ARTICLE V
Any one or more directors may be removed, with or without cause, by the vote or written consent of the holders of a majority of the issued and outstanding shares of capital stock of the Corporation entitled to be voted in the election of directors.
ARTICLE VI
In furtherance and not in limitation of those powers conferred by the DGCL, the board of directors of the Corporation (the “Board”) is expressly authorized and empowered to make, alter and repeal theby-laws of the Corporation (the “By-Laws”) to the fullest extent permitted by the provisions of the DGCL.
ARTICLE VII
Meetings of the stockholders shall be held at such place, within or without the State of Delaware as may be designated by, or in the manner provided in, theBy-Laws or, if not so designated, at the registered office of the Corporation in the State of Delaware.
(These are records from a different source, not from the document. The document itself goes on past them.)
Lemma is_des_swap_blocks i :
  is_des (swap_blocks n a b) i = (i.+1 < n) && (i.+1 == b).
Proof.
rewrite /is_des size_swap_blocks; case: ltnP => //= lt_i1n.
rewrite !nth_swap_blocks ?(ltnW lt_i1n) //; have /implyP := b_gt0_a_gt0.
by case: (ltnP i b); case: (ltnP i.+1 b);
  case: (ltnP i (a + b)); case: (ltnP i.+1 (a + b)) => /=; lia.
Qed.

Lemma des_swap_blocks : des (swap_blocks n a b) = (0 < b).
Proof.
rewrite /des size_swap_blocks (eq_count is_des_swap_blocks).
case: (posnP b) => [-> | b_gt0].
  by rewrite (eq_count (a2 := pred0)) ?count_pred0 // => i; rewrite /= andbF.
rewrite (eq_in_count (a2 := pred1 b.-1)) => [|i]; last by rewrite mem_iota /=; lia.
by rewrite count_uniq_mem ?iota_uniq // mem_iota; lia.
Qed.

Lemma asc_swap_blocks : asc (swap_blocks n a b) = n.-1 - (0 < b).
Proof.
by rewrite -des_swap_blocks -[in n.-1]size_swap_blocks -(asc_add_des uniq_swap_blocks) addnK.
Qed.

Lemma MNA_swap_blocks : MNA (swap_blocks n a b) = b./2 + (n - b)./2.
Proof.
rewrite /MNA (@max_nonadj_two_runs _ _ b); rewrite ?size_swap_blocks //.
  by lia.
exact: is_asc_swap_blocks.
Qed.

Lemma MND_swap_blocks : MND (swap_blocks n a b) = (0 < b).
Proof.
rewrite /MND (@max_nonadj_single _ _ b); rewrite ?size_swap_blocks.
  by have /implyP := b_gt0_a_gt0; lia.
exact: is_des_swap_blocks.
Qed.

End SwapBlocks.

Definition swap_params (n : nat) : seq (nat * nat) :=
  (0, 0) :: [seq (a, b) | b <- index_iota 1 n, a <- index_iota 1 (n - b).+1].

Lemma mem_swap_params n a b : ((a, b) \in swap_params n) =
  ((a == 0) && (b == 0)) || [&& 0 < a, 0 < b & a + b <= n].
Proof.
rewrite in_cons xpair_eqE; congr (_ || _); apply/allpairsPdep/idP => [[b' [a' []]] | abn].
  by rewrite !mem_index_iota => ? ? [-> ->]; lia.
by exists b, a; rewrite !mem_index_iota; split=> //; lia.
Qed.

Lemma uniq_swap_params n : uniq (swap_params n).
Proof.
rewrite /= allpairs_uniq_dep ?iota_uniq // => [|? _|[? ?] [? ?] _ _ /= [-> ->] //].
  by rewrite andbT; apply/allpairsPdep => -[b [a [/[!mem_index_iota] ? _ [_ b0]]]]; lia.
exact: iota_uniq.
Qed.

Lemma swap_blocks_inj n :
  {in swap_params n &, injective (fun ab => swap_blocks n ab.1 ab.2)}.
Proof.
pose code w := if head 0 w == 0 then (0, 0) else (head 0 w, index 0 w).
suff codeK : {in swap_params n, cancel (fun ab => swap_blocks n ab.1 ab.2) code}.
  by move=> ab ab' /codeK abK /codeK ab'K swap_eq; rewrite -abK -ab'K; congr code.
move=> [a b]; rewrite mem_swap_params /= => /orP[/andP[/eqP-> /eqP->] | /and3P[a_gt0 b_gt0 _]].
  by rewrite /code /swap_blocks /=; case: n.
rewrite /code /swap_blocks; case: b b_gt0 => // b _ /=; rewrite gtn_eqF //.
by rewrite index_cat mem_iota /=; case: a a_gt0 => //= a _; rewrite size_iota addn0.
Qed.

Section Avoiding132And321.
Variables (n : nat) (w : seq nat).
Hypothesis size_w : size w = n.
Hypothesis w_uniq : uniq w.
Hypothesis mem_w : forall x, (x \in w) = (x < n).
Hypothesis w132 : avoids w [:: 1; 3; 2].
Hypothesis w321 : avoids w [:: 3; 2; 1].

Local Notation b := (index 0 w).

Lemma index0_lt : 0 < n -> b < n.
Proof. by move=> n_gt0; rewrite -size_w index_mem mem_w. Qed.

Lemma nth_index0 : 0 < n -> nth 0 w b = 0.
Proof. by move=> n_gt0; rewrite nth_index ?mem_w. Qed.

Lemma nth_inj i j : i < n -> j < n -> (nth 0 w i == nth 0 w j) = (i == j).
Proof. by rewrite -size_w => i_lt j_lt; rewrite nth_uniq. Qed.

Lemma increasing_before_index0 i j : i < j -> j < b -> nth 0 w i < nth 0 w j.
Proof.
move=> ij jb; have n_gt0 : 0 < n.
  by rewrite -size_w (leq_trans _ (index_size 0 w)) //; lia.
have bn := index0_lt n_gt0.
have wj_gt0 : 0 < nth 0 w j by rewrite lt0n; apply/negbT; apply: (before_find 0 jb).
rewrite ltn_neqAle nth_inj ?(ltn_eqF ij) /= 1?leqNgt; try lia.
have := avoids321_nth w321 ij jb; rewrite size_w nth_index0 // wj_gt0.
by move=> /(_ bn) /= ->.
Qed.

Lemma increasing_from_index0 i j : b <= i -> i < j -> j < n -> nth 0 w i < nth 0 w j.
Proof.
move=> bi ij jn; have bn : b < n by apply: index0_lt; lia.
have wj_gt0 : 0 < nth 0 w j.
  rewrite lt0n; apply: contraTneq ij => wj0.
  have jw : j < size w by rewrite size_w.
  by rewrite -leqNgt -(index_uniq 0 jw w_uniq) wj0.
case: (ltngtP b i) bi => // [bi _ | <- _]; last by rewrite nth_index0 //; lia.
rewrite ltn_neqAle nth_inj ?(ltn_eqF ij) /= 1?leqNgt; try lia.
have := avoids132_nth w132 bi ij; rewrite size_w nth_index0 ?wj_gt0; last lia.
by move=> /(_ jn) /= ->.
Qed.

Lemma sorted_take_index0 : sorted ltn (take b w).
Proof.
apply/(sortedP 0) => i; rewrite size_takel ?index_size // => lt_i1.
by rewrite /= !nth_take ?increasing_before_index0 ?(ltnW lt_i1).
Qed.

Lemma sorted_drop_index0 : sorted ltn (drop b w).
Proof.
apply/(sortedP 0) => i; rewrite size_drop size_w => lt_i1.
by rewrite /= !nth_drop increasing_from_index0 //; lia.
Qed.

Section NonIdentity.
Hypothesis b_gt0 : 0 < b.

Local Notation a := (nth 0 w 0).
Local Notation m := (nth 0 w b.-1).

Let bn : b < n.
Proof. by apply: index0_lt; rewrite -size_w (leq_trans b_gt0 (index_size 0 w)). Qed.

Lemma outside_prefix_range k : b <= k -> k < n -> (nth 0 w k < a) || (m < nth 0 w k).
Proof.
move=> bk kn; have /andP[ka km] : (nth 0 w k != a) && (nth 0 w k != m).
  by rewrite !nth_inj //; lia.
case: (posnP b.-1) => [b1 | b1_gt0]; first by move: km; rewrite b1 neq_ltn.
have b1k : b.-1 < k by lia.
have := avoids132_nth w132 b1_gt0 b1k; rewrite size_w => /(_ kn).
by rewrite ltn_neqAle eq_sym ka ltn_neqAle km /=; lia.
Qed.

Lemma mem_take_index0 x : (x \in take b w) = (a <= x <= m).
Proof.
have le_a i : i < b -> a <= nth 0 w i.
  by case: (posnP i) => [-> // | ? ?]; rewrite ltnW ?increasing_before_index0.
have le_m i : i < b -> nth 0 w i <= m.
  move=> ib; case: (ltngtP i b.-1) => [? | | ->] //; last lia.
  by rewrite ltnW ?increasing_before_index0 //; lia.
apply/idP/idP => [/(nthP 0)[i] | /andP[ax xm]].
  by rewrite size_takel ?index_size // => ib <-; rewrite nth_take // le_a ?le_m.
have xw : x \in w.
  by rewrite mem_w (leq_ltn_trans xm) // -mem_w mem_nth // size_w; lia.
have kn : index x w < n by rewrite -size_w index_mem.
case: (ltnP (index x w) b) => [kb | bk].
  by rewrite -(nth_index 0 xw) -(nth_take 0 kb) mem_nth ?size_takel ?index_size.
by have := outside_prefix_range bk kn; rewrite nth_index //; lia.
Qed.

Lemma take_index0 : take b w = iota a b.
Proof.
have am : a <= m.
  by case: (posnP b.-1) => [-> // | ?]; rewrite ltnW ?increasing_before_index0 //; lia.
have take_eq : take b w = iota a (m - a).+1.
  apply: (irr_sorted_eq ltn_trans ltnn); rewrite ?sorted_take_index0 ?iota_ltn_sorted //.
  by move=> x; rewrite mem_take_index0 mem_iota; lia.
have := congr1 size take_eq; rewrite size_takel ?index_size // size_iota => b_eq.
by rewrite [in iota _ b]b_eq.
Qed.

Lemma head_add_index0_le : a + b <= n.
Proof.
have b1w : b.-1 < size w by rewrite size_w; lia.
have := mem_nth 0 b1w; rewrite mem_w.
by have := congr1 (nth 0 ^~ b.-1) take_index0; rewrite /= nth_take ?nth_iota; lia.
Qed.

Lemma drop_index0 : drop b w = iota 0 a ++ iota (a + b) (n - (a + b)).
Proof.
have abn := head_add_index0_le.
have mem_drop x : (x \in drop b w) = (x < n) && ~~ (a <= x < a + b).
  have : uniq (take b w ++ drop b w) by rewrite cat_take_drop.
  rewrite cat_uniq => /and3P[_ /hasPn disj _].
  rewrite -mem_w -[in x \in w](cat_take_drop b w) mem_cat take_index0 mem_iota.
  case: (boolP (x \in drop b w)) => [/disj | _]; last by rewrite orbF andbN.
  by rewrite take_index0 mem_iota => ->; rewrite orbT.
apply: (irr_sorted_eq ltn_trans ltnn); rewrite ?sorted_drop_index0 //.
  rewrite (sorted_pairwise ltn_trans) pairwise_cat -!(sorted_pairwise ltn_trans).
  rewrite !iota_ltn_sorted !andbT; apply/allrelP => x y; rewrite !mem_iota; lia.
by move=> x; rewrite mem_drop mem_cat !mem_iota; lia.
Qed.

End NonIdentity.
Elections of directors need not be by written ballot unless and to the extent that theBy-Laws so provide.
ARTICLE VIII
The Corporation reserves the right at any time from time to time to amend, alter, change or repeal any provision contained in this Amended and Restated Certificate of Incorporation, and any other provisions authorized by the laws of the State of Delaware at the time in force may be added or inserted, in the manner now or hereinafter prescribed by law, and all rights, preferences and privileges of whatsoever nature conferred upon stockholders, directors or any other persons whomsoever by and pursuant to this Amended and Restated Certificate of Incorporation in its present form or as hereafter amended are granted subject to the right reserved in this Article.
ARTICLE IX
Section 1. The personal liability of the directors of the Corporation is hereby eliminated to the fullest extent permitted by the provisions of paragraph (7) of subsection (b) of § 102 of the DGCL, as the same may be amended and supplemented.